В песьем сообществе Белка держалась особняком, жалко жалась к Буске, и со двора убегала мало. Хорошая, в общем, собака, и не брехливая понапрасну. Слух о ней давно уже распространился по всей округе, и , если уж кто заезжий случался, его, бывало, специально вели показывать.
И вот как-то аккурат после святок в Верхоленске появился один шишкинский парень, при деньгах, на старенькой, но своей машине. Парень был здоров и пригож, и не лежала на его челе печать обреченности, затаенная тоскливость, столь характерная для остальных жителей русской глубинки. Парня звали Антон, и один вид его вызывал к себе уважение, - такого и не окликнешь Антохой по-простецки. В общем, значительный парень, верхоленские его уважали. По заведенному ритуалу, не миновал он и этот домишко. Сидел за столом, хрустел привезенными огурцами, выставил водки на всю компанию. Хмель его не брал, разве что на щеках появлялся темный жаркий румянец. Гость сыпал анекдотами, интересовался охотой вроде бы как больше из вежливости. Вечер получился замечательный. Гости как-то незаметно один за другим опустили лица на стол, а Антон продолжал неспешный уважительный разговор с хозяином в таком тоне, какой тот за всю свою жизнь не слыхивал.
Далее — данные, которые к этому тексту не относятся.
(* Let $\mathfrak S=(S,\xrightarrow{F},\le)$ be an $\infty$-effective complete WSTS and $s_0\in S$. If the procedure $\mathbf{Clover}_{\mathfrak S}$ terminates on input $s_0$, then it returns $Clover_{\mathfrak S}(s_0)$.
   Context: A complete WSTS is a functional transition system $(S,\xrightarrow{F},\le)$ ($F$ finite set of partial maps, $s\to f(s)$ for $s\in\operatorname{dom}f$) where $(S,\le)$ is a partial order which is well (well-founded, no infinite antichain), a dcpo (every directed subset $D$ has a lub $\bigvee D$), and continuous (for every $x$, $\{y\mid y\ll x\}$ is directed with lub $x$, where $y\ll x$ iff every directed $D$ with $x\le\bigvee D$ contains an element above $y$), and each $f\in F$ is partial continuous: $\operatorname{dom}f$ is Scott-open (upward-closed and any directed $D$ with $\bigvee D$ in it meets it) and $f(\bigvee D)=\bigvee f(D)$ for directed $D\subseteq\operatorname{dom}f$. $Post(A)$: one-step successors; $Post^*$: reflexive-transitive closure; $Cover_{\mathfrak S}(s)=\downarrow Post^*(\downarrow s)$; $\operatorname{Lub}(E)=\{\bigvee D\mid D\subseteq E\text{ directed}\}$; $Clover_{\mathfrak S}(s)=\operatorname{Max}\operatorname{Lub}(Cover_{\mathfrak S}(s))$ (maximal elements). $F^*$: finite compositions of maps in $F$. Lub-acceleration: $\operatorname{dom}g^\infty=\operatorname{dom}g$; $g^\infty(x)=\bigvee_n g^n(x)$ if $x<g(x)$, else $g(x)$. $\infty$-effective: states finitely coded, $\le$ decidable, each $f\in F$ computable with decidable domain, and $g^\infty$ computable for each $g\in F^*$. Procedure $\mathbf{Clover}_{\mathfrak S}(s_0)$: 1. $A\leftarrow\{s_0\}$; 2. while $Post(A)\not\le^\flat A$ do (a) choose fairly $(g,a)\in F^*\times A$ with $a\in\operatorname{dom}g$; (b) $A\leftarrow A\cup\{g^\infty(a)\}$; 3. return $\operatorname{Max}A$. Here $B\le^\flat C$ iff $\downarrow B\subseteq\downarrow C$. Fairness: on every infinite execution, every pair $(g,a)\in F^*\times A_m$ (with $A_m$ the value of $A$ after $m$ iterations, $a\in\operatorname{dom}g$) is picked at some later stage. *)

From Stdlib Require Import List.
Import ListNotations.

Section WSTS.

Variable S : Type.
Variable le : S -> S -> Prop.

Definition lt (x y : S) : Prop := le x y /\ x <> y.

Definition is_partial_order : Prop :=
  (forall x, le x x) /\
  (forall x y z, le x y -> le y z -> le x z) /\
  (forall x y, le x y -> le y x -> x = y).

Definition is_well : Prop :=
  well_founded lt /\
  ~ (exists f : nat -> S, forall i j, i <> j -> ~ le (f i) (f j)).

Definition directed (D : S -> Prop) : Prop :=
  (exists d, D d) /\
  (forall x y, D x -> D y -> exists z, D z /\ le x z /\ le y z).

Definition is_lub (D : S -> Prop) (l : S) : Prop :=
  (forall d, D d -> le d l) /\ (forall u, (forall d, D d -> le d u) -> le l u).

Definition is_dcpo : Prop :=
  forall D, directed D -> exists l, is_lub D l.

Definition way_below (y x : S) : Prop :=
  forall D l, directed D -> is_lub D l -> le x l -> exists d, D d /\ le y d.

Definition is_continuous : Prop :=
  forall x, directed (fun y => way_below y x) /\ is_lub (fun y => way_below y x) x.

Definition dom (f : S -> option S) (x : S) : Prop := f x <> None.

Definition scott_open (U : S -> Prop) : Prop :=
  (forall x y, U x -> le x y -> U y) /\
  (forall D l, directed D -> is_lub D l -> U l -> exists d, D d /\ U d).

Definition partial_continuous (f : S -> option S) : Prop :=
  scott_open (dom f) /\
  (forall D l, directed D -> (forall d, D d -> dom f d) -> is_lub D l ->
     exists y, f l = Some y /\
       is_lub (fun z => exists d, D d /\ f d = Some z) y).

Definition complete_WSTS (F : list (S -> option S)) : Prop :=
  is_partial_order /\ is_well /\ is_dcpo /\ is_continuous /\
  (forall f, In f F -> partial_continuous f).

Fixpoint compose (w : list (S -> option S)) (x : S) : option S :=
  match w with
  | [] => Some x
  | f :: w' => match f x with Some y => compose w' y | None => None end
  end.

Definition in_Fstar (F : list (S -> option S)) (w : list (S -> option S)) : Prop :=
  forall f, In f w -> In f F.

Fixpoint iter_opt (g : S -> option S) (n : nat) (x : S) : option S :=
  match n with
  | O => Some x
  | Datatypes.S n' => match iter_opt g n' x with Some y => g y | None => None end
  end.

(* lub-acceleration, as a relation: accel g x y  <->  x in dom g and g^oo(x) = y *)
Definition accel (g : S -> option S) (x y : S) : Prop :=
  exists gx, g x = Some gx /\
    ((lt x gx /\ is_lub (fun z => exists n, iter_opt g n x = Some z) y) \/
     (~ lt x gx /\ y = gx)).

(* infinity-effectiveness: states finitely coded, <= decidable, each f in F
   computable with decidable domain (f is a Rocq function with option result),
   and g^oo computable for every g in F^* *)
Definition infty_effective (F : list (S -> option S)) : Type :=
  ((exists code : S -> nat, forall x y, code x = code y -> x = y) *
   (forall x y, {le x y} + {~ le x y}) *
   { ginf : list (S -> option S) -> S -> option S |
       forall w x, in_Fstar F w ->
         (ginf w x = None <-> compose w x = None) /\
         (forall y, ginf w x = Some y -> accel (compose w) x y) })%type.

Definition step (F : list (S -> option S)) (x y : S) : Prop :=
  exists f, In f F /\ f x = Some y.

Inductive reach (F : list (S -> option S)) : S -> S -> Prop :=
| reach_refl : forall x, reach F x x
| reach_step : forall x y z, step F x y -> reach F y z -> reach F x z.

Definition Cover (F : list (S -> option S)) (s : S) (x : S) : Prop :=
  exists y t, le y s /\ reach F y t /\ le x t.

Definition Lub (E : S -> Prop) (l : S) : Prop :=
  exists D, (forall d, D d -> E d) /\ directed D /\ is_lub D l.

Definition Max (E : S -> Prop) (x : S) : Prop :=
  E x /\ forall y, E y -> le x y -> y = x.

Definition Clover (F : list (S -> option S)) (s : S) : S -> Prop :=
  Max (Lub (Cover F s)).

(* B <=^flat C  iff  down B subset down C, with B = Post(A) *)
Definition Post_le_flat (F : list (S -> option S)) (A : list S) : Prop :=
  forall f a b, In f F -> In a A -> f a = Some b ->
    exists c, In c A /\ le b c.

(* one iteration of the while loop: pick (g, a) in F^* x A with a in dom g,
   add g^oo(a) to A *)
Definition loop_step (F : list (S -> option S)) (A A' : list S) : Prop :=
  exists w a y, in_Fstar F w /\ In a A /\ accel (compose w) a y /\ A' = y :: A.

(* a terminating execution of Clover(s0): A 0 = {s0}, m iterations,
   loop condition true before each iteration and false at stage m *)
Definition terminating_run (F : list (S -> option S)) (s0 : S)
    (A : nat -> list S) (m : nat) : Prop :=
  A 0 = [s0] /\
  (forall k, k < m -> ~ Post_le_flat F (A k) /\ loop_step F (A k) (A (Datatypes.S k))) /\
  Post_le_flat F (A m).

Definition returned (A : list S) : S -> Prop := Max (fun x => In x A).

End WSTS.

(* Every state the loop adds lies in E := Lub(Cover(s0)): E contains s0, is
   closed under each f in F (f is monotone and preserves directed lubs), hence
   under compositions and their iterates, and, the order being continuous, E
   is closed under directed lubs, hence under lub-accelerations.  Conversely,
   once Post(A) <=^flat A holds, the down-closure of A is closed under Post and
   contains s0, so it contains Cover(s0); since A is finite, every directed
   subset of the down-closure of A is bounded by a single element of A, so
   E is contained in the down-closure of A too.  A set sandwiched as
   A <= E <= down(A) has the same maximal elements as E. *)

From Stdlib Require Import List Classical Arith.

Section Clover.
Variable S : Type.
Variable le : S -> S -> Prop.
Hypothesis Hpo : is_partial_order S le.

Lemma le_refl x : le x x.
Proof. destruct Hpo as [H _]; apply H. Qed.

Lemma le_trans x y z : le x y -> le y z -> le x z.
Proof. destruct Hpo as [_ [H _]]; apply H. Qed.

Lemma le_anti x y : le x y -> le y x -> x = y.
Proof. destruct Hpo as [_ [_ H]]; apply H. Qed.

Lemma directed_singleton x : directed S le (fun d => d = x).
Proof.
  split; [exists x; reflexivity|].
  intros u v -> ->; exists x; auto using le_refl.
Qed.

Lemma is_lub_singleton x : is_lub S le (fun d => d = x) x.
Proof. split; [intros d ->; apply le_refl | intros u Hu; auto]. Qed.

Lemma directed_pair x y : le x y -> directed S le (fun z => z = x \/ z = y).
Proof.
  intros Hxy; split; [exists x; auto|].
  intros u v Hu Hv; exists y; split; [auto|].
  split; [destruct Hu as [-> | ->] | destruct Hv as [-> | ->]]; auto using le_refl.
Qed.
И продал ему мужик Белку. Сам наутро не помнил, как продал. Очухался утром, а в кулаке пачка денег. Посмотрел на них тупо, - и на душе кошки заскребли , а внутри наладилось общее беспокойство. Оглядел стены мутно и вспомнил, как продавал Белку. И как она сама на его зов пришла, - жалкая, доверчивая. Как он взял ее на руки, уговаривая, и затолкал на заднее сиденье машины. Как упрашивал открыть окно " чтобы Белочке легче дышалось". Как сидел на крыльце, слушая звук отъезжающей машины, роняя пьяные слезы.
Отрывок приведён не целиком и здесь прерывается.